* What you should do *
Lines in the listing below that contain the string "Definition" are to be found and copied.

* Data excerpts *

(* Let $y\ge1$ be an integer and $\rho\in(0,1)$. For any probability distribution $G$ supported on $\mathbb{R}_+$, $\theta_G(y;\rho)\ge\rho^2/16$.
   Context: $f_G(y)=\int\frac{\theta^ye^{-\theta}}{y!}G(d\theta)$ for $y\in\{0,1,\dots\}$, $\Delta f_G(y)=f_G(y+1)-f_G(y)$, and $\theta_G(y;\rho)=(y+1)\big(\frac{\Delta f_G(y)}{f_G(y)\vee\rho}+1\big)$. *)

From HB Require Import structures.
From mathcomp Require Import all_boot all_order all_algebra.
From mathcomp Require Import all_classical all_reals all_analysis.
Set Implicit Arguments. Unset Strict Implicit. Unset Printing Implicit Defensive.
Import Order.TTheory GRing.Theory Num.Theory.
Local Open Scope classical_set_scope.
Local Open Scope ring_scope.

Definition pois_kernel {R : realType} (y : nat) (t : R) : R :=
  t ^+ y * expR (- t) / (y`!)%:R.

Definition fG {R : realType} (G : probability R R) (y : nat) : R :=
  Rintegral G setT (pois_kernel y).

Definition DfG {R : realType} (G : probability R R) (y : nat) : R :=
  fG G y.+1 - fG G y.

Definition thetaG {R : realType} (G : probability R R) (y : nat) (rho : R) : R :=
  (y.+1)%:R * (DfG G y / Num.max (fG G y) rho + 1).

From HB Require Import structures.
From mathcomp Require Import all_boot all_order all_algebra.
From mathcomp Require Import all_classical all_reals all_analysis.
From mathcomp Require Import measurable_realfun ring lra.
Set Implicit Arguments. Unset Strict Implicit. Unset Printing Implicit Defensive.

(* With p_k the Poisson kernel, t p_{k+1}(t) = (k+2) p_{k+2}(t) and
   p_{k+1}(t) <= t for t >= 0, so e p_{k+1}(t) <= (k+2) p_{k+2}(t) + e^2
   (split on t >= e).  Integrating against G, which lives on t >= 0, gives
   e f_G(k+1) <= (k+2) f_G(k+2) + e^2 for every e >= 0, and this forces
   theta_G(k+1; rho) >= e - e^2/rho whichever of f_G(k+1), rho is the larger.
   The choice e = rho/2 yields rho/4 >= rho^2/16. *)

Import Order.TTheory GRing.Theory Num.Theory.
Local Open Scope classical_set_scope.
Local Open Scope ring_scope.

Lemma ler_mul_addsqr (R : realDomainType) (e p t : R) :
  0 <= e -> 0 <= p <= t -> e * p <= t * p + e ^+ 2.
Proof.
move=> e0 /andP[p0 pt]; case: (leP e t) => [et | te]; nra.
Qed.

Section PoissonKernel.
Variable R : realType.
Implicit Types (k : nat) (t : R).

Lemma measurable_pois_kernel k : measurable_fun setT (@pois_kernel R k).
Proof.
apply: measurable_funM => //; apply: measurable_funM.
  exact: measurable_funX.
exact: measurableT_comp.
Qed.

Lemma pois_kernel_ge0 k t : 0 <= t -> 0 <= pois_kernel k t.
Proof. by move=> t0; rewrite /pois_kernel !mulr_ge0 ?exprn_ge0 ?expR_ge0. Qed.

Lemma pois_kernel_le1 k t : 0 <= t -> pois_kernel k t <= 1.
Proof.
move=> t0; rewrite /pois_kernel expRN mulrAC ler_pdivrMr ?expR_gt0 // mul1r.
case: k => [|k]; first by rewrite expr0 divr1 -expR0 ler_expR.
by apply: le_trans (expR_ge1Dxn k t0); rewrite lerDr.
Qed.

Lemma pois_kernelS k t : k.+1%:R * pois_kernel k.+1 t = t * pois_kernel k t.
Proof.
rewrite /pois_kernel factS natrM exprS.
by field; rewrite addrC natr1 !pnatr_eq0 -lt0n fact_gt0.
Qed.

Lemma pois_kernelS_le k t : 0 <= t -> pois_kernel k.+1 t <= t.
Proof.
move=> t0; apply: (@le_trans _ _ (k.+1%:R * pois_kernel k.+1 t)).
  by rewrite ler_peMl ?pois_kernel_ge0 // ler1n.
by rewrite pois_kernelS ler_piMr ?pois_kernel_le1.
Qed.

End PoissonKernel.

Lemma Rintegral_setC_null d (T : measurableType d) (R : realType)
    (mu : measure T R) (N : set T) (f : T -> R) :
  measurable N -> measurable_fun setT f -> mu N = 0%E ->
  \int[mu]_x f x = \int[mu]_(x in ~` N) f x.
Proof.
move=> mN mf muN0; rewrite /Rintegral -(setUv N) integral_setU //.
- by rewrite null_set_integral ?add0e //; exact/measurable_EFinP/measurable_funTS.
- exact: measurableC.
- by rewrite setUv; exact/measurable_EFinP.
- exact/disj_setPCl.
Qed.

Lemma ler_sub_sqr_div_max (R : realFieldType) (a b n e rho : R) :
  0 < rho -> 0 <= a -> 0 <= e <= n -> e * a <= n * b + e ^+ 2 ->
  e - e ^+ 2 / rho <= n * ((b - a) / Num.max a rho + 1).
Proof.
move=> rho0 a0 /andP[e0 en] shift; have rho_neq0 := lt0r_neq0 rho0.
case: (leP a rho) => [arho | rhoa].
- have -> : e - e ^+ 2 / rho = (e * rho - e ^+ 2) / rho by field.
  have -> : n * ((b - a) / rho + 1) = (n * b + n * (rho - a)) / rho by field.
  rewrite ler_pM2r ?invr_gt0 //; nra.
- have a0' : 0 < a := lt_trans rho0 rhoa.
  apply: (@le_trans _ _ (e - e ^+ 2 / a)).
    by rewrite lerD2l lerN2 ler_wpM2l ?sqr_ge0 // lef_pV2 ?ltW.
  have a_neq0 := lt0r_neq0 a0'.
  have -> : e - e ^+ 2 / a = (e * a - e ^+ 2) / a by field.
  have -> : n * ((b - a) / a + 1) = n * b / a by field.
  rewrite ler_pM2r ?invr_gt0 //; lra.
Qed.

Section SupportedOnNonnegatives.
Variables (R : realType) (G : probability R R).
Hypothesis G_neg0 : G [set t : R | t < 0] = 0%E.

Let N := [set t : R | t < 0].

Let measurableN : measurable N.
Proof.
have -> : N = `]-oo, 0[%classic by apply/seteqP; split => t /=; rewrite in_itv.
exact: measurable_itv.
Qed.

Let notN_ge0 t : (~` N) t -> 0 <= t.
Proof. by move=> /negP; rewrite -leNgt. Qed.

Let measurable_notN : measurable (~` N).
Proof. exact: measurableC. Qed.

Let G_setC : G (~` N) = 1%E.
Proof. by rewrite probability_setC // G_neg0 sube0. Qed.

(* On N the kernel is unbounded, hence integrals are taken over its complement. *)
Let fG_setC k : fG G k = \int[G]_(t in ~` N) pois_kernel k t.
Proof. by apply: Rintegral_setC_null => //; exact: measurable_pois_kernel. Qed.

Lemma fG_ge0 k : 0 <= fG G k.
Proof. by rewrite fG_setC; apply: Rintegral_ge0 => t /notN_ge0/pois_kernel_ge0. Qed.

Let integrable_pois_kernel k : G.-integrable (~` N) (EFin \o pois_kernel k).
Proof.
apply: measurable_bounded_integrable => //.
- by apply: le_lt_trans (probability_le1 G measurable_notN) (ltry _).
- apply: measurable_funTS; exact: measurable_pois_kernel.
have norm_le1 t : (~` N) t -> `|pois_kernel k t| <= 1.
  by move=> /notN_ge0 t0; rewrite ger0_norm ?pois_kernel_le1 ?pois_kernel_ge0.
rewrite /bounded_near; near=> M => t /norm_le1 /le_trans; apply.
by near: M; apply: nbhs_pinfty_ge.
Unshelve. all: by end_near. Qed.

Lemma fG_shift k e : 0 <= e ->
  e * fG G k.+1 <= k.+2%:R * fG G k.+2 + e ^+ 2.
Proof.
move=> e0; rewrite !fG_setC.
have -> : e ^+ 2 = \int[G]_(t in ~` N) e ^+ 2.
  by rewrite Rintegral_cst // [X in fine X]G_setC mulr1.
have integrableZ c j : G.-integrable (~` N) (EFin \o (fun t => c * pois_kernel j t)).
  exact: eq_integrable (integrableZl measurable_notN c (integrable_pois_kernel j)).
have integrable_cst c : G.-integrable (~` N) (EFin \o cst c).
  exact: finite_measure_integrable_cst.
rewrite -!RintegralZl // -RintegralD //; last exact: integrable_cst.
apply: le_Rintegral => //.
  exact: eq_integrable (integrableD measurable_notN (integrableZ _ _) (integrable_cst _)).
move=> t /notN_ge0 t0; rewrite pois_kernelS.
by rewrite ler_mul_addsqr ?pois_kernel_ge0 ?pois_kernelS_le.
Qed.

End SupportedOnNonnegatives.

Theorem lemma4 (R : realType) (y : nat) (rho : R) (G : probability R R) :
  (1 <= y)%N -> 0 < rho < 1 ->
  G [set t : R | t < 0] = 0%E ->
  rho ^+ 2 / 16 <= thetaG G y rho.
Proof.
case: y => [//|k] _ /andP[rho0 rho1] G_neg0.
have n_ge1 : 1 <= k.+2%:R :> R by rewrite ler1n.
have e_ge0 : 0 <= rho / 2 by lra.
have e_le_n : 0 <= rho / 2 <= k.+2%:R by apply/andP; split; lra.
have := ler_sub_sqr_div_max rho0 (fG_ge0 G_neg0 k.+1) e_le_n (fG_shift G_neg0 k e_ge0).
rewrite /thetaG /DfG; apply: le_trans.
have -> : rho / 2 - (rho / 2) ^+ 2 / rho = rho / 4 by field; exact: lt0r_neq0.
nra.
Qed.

...

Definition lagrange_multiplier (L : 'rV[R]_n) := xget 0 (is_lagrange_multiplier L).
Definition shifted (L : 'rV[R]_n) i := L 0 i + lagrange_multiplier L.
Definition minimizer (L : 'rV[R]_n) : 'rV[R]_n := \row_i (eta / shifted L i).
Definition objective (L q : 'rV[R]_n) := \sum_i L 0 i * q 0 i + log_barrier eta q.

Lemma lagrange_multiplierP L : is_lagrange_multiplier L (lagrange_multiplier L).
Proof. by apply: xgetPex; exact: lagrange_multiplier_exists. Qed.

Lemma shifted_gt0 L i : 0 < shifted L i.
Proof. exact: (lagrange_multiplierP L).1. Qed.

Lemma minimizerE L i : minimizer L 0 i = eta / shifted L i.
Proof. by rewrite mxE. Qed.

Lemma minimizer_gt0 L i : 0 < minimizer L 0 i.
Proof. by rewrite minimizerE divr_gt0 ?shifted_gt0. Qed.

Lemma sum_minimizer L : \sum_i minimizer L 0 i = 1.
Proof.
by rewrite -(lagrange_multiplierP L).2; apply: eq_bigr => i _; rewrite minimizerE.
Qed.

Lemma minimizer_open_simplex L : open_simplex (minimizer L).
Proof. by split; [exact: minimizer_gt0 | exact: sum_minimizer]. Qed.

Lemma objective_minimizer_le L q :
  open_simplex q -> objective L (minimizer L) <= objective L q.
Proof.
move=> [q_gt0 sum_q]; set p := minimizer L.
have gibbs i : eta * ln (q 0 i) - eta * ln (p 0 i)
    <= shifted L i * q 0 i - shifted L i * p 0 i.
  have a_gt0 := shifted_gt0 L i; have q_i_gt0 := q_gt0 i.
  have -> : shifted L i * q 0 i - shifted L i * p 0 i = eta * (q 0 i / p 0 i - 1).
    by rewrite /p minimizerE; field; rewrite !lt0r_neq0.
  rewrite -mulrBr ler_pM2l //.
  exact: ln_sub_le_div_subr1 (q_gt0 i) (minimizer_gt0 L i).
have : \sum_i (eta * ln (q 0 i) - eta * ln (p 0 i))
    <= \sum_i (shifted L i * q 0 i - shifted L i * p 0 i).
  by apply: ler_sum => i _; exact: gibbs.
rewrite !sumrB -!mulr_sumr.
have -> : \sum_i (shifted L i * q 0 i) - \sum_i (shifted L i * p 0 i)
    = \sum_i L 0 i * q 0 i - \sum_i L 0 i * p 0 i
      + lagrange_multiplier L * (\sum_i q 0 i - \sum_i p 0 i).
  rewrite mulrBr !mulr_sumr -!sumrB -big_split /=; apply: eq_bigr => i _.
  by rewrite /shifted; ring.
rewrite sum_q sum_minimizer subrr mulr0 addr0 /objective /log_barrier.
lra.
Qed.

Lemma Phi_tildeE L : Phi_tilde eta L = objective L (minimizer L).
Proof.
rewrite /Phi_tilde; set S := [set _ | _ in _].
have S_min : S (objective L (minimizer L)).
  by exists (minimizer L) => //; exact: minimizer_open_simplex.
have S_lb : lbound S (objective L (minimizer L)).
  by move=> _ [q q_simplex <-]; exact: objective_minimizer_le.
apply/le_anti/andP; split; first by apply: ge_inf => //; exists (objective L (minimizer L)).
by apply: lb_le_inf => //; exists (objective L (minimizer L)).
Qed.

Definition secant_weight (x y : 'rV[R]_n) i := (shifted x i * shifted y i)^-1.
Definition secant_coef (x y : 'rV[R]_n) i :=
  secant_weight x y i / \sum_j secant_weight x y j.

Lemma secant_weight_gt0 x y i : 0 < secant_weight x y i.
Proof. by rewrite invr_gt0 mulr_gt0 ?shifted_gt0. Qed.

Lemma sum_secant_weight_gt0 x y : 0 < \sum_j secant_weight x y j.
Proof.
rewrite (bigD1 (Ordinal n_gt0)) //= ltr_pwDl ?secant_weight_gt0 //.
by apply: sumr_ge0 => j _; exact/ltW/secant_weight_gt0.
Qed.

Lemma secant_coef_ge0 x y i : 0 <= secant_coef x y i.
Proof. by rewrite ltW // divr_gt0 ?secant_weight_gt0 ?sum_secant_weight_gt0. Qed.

* Response *
Definition pois_kernel {R : realType} (y : nat) (t : R) : R :=
Definition fG {R : realType} (G : probability R R) (y : nat) : R :=
Definition DfG {R : realType} (G : probability R R) (y : nat) : R :=
Definition thetaG {R : realType} (G : probability R R) (y : nat) (rho : R) : R :=
Definition lagrange_multiplier (L : 'rV[R]_n) := xget 0 (is_lagrange_multiplier L).
Definition shifted (L : 'rV[R]_n) i := L 0 i + lagrange_multiplier L.
Definition minimizer (L : 'rV[R]_n) : 'rV[R]_n := \row_i (eta / shifted L i).
Definition objective (L q : 'rV[R]_n) := \sum_i L 0 i * q 0 i + log_barrier eta q.
Definition secant_weight (x y : 'rV[R]_n) i := (shifted x i * shifted y i)^-1.
Definition secant_coef (x y : 'rV[R]_n) i :=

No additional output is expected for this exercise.